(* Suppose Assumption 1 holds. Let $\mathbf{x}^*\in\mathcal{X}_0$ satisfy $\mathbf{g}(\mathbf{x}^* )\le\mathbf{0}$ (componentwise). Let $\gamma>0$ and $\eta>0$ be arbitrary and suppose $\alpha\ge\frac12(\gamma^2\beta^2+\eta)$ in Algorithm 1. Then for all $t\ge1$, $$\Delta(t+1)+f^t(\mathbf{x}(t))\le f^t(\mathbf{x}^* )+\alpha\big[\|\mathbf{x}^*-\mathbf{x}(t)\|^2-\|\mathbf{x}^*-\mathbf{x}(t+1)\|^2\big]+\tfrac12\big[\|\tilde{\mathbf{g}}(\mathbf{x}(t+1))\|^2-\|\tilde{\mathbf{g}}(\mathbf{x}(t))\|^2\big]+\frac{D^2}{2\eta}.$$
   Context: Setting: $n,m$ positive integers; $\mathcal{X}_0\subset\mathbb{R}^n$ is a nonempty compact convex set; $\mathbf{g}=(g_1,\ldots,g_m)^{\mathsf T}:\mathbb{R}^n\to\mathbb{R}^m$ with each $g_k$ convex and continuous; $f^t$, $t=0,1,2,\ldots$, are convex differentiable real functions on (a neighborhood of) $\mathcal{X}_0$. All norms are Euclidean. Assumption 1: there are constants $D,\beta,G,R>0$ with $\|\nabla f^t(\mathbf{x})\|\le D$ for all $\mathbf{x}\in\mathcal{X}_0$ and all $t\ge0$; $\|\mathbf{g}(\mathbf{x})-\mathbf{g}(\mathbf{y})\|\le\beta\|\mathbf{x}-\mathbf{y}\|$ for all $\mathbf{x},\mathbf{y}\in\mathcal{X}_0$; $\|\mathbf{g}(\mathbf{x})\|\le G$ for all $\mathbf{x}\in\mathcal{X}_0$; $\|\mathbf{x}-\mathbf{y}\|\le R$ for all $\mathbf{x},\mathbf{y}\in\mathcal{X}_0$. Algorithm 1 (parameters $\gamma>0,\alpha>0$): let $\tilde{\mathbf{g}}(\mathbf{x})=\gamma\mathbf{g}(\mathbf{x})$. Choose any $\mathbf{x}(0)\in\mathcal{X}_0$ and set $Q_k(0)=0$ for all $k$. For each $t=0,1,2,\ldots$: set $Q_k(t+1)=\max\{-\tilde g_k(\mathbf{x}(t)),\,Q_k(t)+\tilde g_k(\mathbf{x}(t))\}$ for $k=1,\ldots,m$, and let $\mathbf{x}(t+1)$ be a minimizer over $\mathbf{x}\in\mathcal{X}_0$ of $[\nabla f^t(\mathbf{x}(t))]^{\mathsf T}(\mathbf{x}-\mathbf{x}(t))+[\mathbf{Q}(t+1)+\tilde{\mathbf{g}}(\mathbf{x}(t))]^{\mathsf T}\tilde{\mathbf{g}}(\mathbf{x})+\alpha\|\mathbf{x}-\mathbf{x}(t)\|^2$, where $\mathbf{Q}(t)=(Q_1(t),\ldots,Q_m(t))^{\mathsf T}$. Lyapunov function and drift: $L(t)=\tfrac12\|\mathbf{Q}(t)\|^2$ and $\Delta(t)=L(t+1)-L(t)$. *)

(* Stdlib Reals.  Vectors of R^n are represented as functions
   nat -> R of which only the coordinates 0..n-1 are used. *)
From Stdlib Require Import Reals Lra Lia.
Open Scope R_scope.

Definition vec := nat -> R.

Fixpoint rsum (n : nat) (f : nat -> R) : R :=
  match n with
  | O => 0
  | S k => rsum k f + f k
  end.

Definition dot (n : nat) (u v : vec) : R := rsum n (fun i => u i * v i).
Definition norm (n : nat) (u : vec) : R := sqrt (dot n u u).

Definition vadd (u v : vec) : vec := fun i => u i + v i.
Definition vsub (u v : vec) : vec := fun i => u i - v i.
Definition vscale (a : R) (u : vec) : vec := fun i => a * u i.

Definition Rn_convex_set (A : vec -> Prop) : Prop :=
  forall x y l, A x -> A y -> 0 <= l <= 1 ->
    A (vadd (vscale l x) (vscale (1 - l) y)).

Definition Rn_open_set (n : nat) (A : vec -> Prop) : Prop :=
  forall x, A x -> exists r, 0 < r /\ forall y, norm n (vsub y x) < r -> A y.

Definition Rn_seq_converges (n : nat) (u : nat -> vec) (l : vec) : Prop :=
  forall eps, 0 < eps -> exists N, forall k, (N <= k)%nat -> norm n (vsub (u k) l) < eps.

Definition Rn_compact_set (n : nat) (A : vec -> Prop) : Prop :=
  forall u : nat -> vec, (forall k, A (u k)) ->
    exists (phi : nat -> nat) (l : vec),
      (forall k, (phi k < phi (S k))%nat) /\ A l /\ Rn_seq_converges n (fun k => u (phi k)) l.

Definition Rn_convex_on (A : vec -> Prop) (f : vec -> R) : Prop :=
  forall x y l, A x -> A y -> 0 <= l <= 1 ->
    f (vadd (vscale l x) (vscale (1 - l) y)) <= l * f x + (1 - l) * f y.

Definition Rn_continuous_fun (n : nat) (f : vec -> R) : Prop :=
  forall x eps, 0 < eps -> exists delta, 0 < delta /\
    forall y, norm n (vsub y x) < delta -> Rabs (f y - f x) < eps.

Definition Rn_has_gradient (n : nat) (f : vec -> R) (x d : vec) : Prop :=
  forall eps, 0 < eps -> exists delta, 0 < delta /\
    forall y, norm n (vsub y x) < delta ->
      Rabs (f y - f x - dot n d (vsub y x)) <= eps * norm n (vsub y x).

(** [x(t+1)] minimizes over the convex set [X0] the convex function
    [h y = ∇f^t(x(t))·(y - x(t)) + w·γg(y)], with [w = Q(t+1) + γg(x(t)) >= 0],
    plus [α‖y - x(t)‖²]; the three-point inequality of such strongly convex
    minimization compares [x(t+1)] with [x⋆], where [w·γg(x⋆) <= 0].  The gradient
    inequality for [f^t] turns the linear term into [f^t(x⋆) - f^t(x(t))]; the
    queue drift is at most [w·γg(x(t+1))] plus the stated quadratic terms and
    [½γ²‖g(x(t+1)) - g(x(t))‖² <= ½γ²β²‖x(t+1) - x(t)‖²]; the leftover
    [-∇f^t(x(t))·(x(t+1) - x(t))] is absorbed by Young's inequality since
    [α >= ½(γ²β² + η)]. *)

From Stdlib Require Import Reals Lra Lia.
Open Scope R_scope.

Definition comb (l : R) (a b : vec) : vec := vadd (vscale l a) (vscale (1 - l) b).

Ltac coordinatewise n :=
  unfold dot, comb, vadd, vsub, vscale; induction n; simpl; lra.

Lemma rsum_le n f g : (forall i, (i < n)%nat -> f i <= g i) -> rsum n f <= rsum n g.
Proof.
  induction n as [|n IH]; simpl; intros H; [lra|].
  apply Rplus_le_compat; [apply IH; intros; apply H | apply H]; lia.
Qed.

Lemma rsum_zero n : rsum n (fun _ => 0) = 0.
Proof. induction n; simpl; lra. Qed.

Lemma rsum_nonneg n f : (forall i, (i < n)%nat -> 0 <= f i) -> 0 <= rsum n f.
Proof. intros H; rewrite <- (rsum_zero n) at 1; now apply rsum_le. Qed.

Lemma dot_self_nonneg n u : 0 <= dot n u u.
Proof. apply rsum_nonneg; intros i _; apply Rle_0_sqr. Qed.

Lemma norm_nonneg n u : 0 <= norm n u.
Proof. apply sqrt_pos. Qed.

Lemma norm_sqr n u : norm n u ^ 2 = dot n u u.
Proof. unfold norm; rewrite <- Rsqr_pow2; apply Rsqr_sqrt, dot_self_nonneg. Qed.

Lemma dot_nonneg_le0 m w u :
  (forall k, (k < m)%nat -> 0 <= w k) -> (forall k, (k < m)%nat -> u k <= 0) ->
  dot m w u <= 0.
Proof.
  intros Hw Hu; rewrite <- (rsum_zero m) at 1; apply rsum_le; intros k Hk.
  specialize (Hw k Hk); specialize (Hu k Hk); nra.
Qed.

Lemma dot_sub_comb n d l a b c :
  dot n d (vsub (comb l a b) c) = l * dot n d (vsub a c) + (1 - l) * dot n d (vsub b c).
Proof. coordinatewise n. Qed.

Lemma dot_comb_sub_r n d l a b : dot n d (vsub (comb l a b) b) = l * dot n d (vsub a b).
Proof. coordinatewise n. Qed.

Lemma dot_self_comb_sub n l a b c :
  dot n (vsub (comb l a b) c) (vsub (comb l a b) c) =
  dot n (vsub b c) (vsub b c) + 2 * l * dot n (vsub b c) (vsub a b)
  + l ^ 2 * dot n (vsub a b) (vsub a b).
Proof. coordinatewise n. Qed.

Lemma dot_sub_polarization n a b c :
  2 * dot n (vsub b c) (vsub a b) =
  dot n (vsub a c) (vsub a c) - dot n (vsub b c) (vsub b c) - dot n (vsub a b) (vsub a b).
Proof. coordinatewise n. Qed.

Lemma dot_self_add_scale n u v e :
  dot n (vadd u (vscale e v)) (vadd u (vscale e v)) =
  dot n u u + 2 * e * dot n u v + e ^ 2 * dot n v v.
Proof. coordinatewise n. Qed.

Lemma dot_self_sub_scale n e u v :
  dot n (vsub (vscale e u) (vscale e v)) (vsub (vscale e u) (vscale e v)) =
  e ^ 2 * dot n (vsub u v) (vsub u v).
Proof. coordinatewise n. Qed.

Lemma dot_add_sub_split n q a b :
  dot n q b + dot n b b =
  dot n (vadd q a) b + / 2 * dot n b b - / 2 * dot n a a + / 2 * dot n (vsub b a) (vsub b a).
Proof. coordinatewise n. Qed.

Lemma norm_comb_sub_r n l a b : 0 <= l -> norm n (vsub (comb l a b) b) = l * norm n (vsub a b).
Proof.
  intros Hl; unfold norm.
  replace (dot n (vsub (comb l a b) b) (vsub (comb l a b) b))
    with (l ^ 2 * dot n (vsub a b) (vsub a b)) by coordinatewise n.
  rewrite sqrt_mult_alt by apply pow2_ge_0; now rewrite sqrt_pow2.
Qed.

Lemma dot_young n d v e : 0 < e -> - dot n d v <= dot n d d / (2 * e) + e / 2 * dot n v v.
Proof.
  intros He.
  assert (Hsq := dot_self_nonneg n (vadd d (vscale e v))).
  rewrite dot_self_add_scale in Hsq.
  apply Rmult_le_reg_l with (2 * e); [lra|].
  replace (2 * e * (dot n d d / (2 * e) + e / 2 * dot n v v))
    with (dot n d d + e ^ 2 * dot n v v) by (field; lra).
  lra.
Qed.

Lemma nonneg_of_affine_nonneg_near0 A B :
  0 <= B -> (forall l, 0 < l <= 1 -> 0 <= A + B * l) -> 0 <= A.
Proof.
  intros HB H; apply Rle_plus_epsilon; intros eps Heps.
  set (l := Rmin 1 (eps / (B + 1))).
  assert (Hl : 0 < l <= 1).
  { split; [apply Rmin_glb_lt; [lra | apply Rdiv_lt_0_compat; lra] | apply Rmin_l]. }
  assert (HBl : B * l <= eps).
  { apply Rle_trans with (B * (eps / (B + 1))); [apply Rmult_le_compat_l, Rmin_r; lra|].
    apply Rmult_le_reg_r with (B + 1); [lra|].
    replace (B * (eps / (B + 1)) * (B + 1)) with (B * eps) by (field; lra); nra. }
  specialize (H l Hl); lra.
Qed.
---
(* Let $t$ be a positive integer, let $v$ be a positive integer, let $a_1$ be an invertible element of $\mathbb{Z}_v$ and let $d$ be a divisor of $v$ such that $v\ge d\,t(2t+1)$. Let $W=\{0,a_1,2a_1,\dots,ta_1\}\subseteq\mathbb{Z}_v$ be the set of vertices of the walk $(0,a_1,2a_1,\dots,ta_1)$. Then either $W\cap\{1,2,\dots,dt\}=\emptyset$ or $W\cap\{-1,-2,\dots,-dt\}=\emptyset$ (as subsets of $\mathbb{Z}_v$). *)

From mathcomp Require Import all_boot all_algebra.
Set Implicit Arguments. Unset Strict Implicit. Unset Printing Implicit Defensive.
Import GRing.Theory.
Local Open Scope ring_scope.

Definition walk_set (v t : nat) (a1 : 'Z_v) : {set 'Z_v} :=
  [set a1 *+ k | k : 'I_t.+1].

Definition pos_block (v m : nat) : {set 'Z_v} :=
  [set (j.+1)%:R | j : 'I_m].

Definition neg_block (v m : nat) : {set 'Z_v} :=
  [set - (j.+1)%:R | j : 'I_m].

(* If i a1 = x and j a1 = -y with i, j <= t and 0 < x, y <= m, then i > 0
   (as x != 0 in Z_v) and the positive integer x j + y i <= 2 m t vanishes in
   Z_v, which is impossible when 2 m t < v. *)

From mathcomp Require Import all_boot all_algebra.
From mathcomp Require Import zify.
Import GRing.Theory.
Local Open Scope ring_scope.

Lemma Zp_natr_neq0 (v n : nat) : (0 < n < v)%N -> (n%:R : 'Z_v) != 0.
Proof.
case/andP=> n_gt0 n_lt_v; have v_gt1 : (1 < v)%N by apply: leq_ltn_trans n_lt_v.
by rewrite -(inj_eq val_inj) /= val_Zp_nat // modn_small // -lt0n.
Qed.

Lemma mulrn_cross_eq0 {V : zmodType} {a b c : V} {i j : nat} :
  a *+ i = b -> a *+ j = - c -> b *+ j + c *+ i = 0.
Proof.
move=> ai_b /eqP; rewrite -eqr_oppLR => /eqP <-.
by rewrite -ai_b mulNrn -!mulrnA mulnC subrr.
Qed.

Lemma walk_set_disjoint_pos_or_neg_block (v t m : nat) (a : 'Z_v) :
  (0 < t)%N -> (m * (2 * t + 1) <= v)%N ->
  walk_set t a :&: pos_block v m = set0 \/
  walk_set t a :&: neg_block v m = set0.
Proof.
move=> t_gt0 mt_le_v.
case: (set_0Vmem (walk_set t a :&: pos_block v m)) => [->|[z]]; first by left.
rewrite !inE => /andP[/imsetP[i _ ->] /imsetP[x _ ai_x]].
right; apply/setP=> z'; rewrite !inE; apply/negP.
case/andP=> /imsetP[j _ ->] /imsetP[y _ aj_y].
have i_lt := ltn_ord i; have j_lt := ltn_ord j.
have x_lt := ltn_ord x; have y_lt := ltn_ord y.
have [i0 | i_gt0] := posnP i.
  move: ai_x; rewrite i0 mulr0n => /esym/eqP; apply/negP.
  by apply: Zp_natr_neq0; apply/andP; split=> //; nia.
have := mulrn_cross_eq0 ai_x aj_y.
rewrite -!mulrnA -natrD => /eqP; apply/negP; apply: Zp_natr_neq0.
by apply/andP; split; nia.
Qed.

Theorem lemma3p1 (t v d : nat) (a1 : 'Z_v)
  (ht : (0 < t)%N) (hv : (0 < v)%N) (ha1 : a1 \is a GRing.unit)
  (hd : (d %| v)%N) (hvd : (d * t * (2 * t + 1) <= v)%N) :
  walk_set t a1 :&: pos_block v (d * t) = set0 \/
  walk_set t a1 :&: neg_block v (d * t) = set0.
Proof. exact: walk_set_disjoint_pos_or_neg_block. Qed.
---
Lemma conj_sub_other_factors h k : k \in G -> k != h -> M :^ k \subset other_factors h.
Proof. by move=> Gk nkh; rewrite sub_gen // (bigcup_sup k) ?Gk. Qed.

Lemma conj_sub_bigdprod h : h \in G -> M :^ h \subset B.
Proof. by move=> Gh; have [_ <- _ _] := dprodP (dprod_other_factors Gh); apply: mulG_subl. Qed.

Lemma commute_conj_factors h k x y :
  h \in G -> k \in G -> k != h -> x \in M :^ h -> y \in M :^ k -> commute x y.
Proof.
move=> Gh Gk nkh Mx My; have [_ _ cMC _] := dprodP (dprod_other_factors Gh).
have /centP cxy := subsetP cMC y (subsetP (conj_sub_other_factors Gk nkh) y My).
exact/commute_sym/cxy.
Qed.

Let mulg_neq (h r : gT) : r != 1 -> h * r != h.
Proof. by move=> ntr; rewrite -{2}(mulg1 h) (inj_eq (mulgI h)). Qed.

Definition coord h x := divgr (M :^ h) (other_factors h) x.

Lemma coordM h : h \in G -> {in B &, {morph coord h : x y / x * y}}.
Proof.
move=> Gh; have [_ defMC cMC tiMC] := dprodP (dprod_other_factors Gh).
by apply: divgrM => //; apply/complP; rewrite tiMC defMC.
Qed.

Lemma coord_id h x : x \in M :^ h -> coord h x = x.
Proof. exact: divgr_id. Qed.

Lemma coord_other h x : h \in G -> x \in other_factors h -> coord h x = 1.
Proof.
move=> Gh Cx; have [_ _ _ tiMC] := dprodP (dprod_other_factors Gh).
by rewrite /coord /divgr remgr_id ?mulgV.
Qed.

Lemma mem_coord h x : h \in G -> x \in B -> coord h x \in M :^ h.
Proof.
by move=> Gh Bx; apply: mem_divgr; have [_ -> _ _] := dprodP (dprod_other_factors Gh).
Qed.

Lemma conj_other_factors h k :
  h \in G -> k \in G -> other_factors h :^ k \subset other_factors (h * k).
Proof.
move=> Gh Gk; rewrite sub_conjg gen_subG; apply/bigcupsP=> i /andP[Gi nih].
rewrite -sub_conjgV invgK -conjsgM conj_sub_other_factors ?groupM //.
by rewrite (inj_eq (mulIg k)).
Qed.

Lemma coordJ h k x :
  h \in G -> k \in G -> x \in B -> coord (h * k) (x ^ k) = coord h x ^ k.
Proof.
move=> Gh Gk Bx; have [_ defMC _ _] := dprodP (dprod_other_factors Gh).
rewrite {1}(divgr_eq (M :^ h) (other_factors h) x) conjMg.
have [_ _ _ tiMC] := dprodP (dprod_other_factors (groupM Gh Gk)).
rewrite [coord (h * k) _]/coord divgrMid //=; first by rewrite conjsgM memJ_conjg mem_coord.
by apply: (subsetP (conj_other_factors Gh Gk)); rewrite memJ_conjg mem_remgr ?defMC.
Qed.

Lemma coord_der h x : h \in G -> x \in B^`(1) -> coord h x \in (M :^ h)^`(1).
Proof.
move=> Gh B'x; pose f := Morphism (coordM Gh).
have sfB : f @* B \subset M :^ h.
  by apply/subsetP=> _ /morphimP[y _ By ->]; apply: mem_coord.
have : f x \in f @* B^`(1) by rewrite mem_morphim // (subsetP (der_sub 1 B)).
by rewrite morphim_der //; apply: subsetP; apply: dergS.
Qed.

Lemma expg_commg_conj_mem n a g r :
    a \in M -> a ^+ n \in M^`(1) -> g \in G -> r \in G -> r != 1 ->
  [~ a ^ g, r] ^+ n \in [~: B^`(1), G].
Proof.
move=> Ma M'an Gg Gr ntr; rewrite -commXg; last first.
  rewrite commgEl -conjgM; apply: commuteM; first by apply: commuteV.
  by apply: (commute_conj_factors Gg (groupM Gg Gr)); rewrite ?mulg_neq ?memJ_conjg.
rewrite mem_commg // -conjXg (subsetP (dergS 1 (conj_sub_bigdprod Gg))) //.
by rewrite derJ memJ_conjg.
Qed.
---
## Required action
Your answer should be the lines above, from the line containing "Ltac coordinatewise n" up to and including the line containing "Lemma norm_sqr n", reproduced exactly and with nothing else.

## Written answer
Ltac coordinatewise n :=
  unfold dot, comb, vadd, vsub, vscale; induction n; simpl; lra.

Lemma rsum_le n f g : (forall i, (i < n)%nat -> f i <= g i) -> rsum n f <= rsum n g.
Proof.
  induction n as [|n IH]; simpl; intros H; [lra|].
  apply Rplus_le_compat; [apply IH; intros; apply H | apply H]; lia.
Qed.

Lemma rsum_zero n : rsum n (fun _ => 0) = 0.
Proof. induction n; simpl; lra. Qed.

Lemma rsum_nonneg n f : (forall i, (i < n)%nat -> 0 <= f i) -> 0 <= rsum n f.
Proof. intros H; rewrite <- (rsum_zero n) at 1; now apply rsum_le. Qed.

Lemma dot_self_nonneg n u : 0 <= dot n u u.
Proof. apply rsum_nonneg; intros i _; apply Rle_0_sqr. Qed.

Lemma norm_nonneg n u : 0 <= norm n u.
Proof. apply sqrt_pos. Qed.

Lemma norm_sqr n u : norm n u ^ 2 = dot n u u.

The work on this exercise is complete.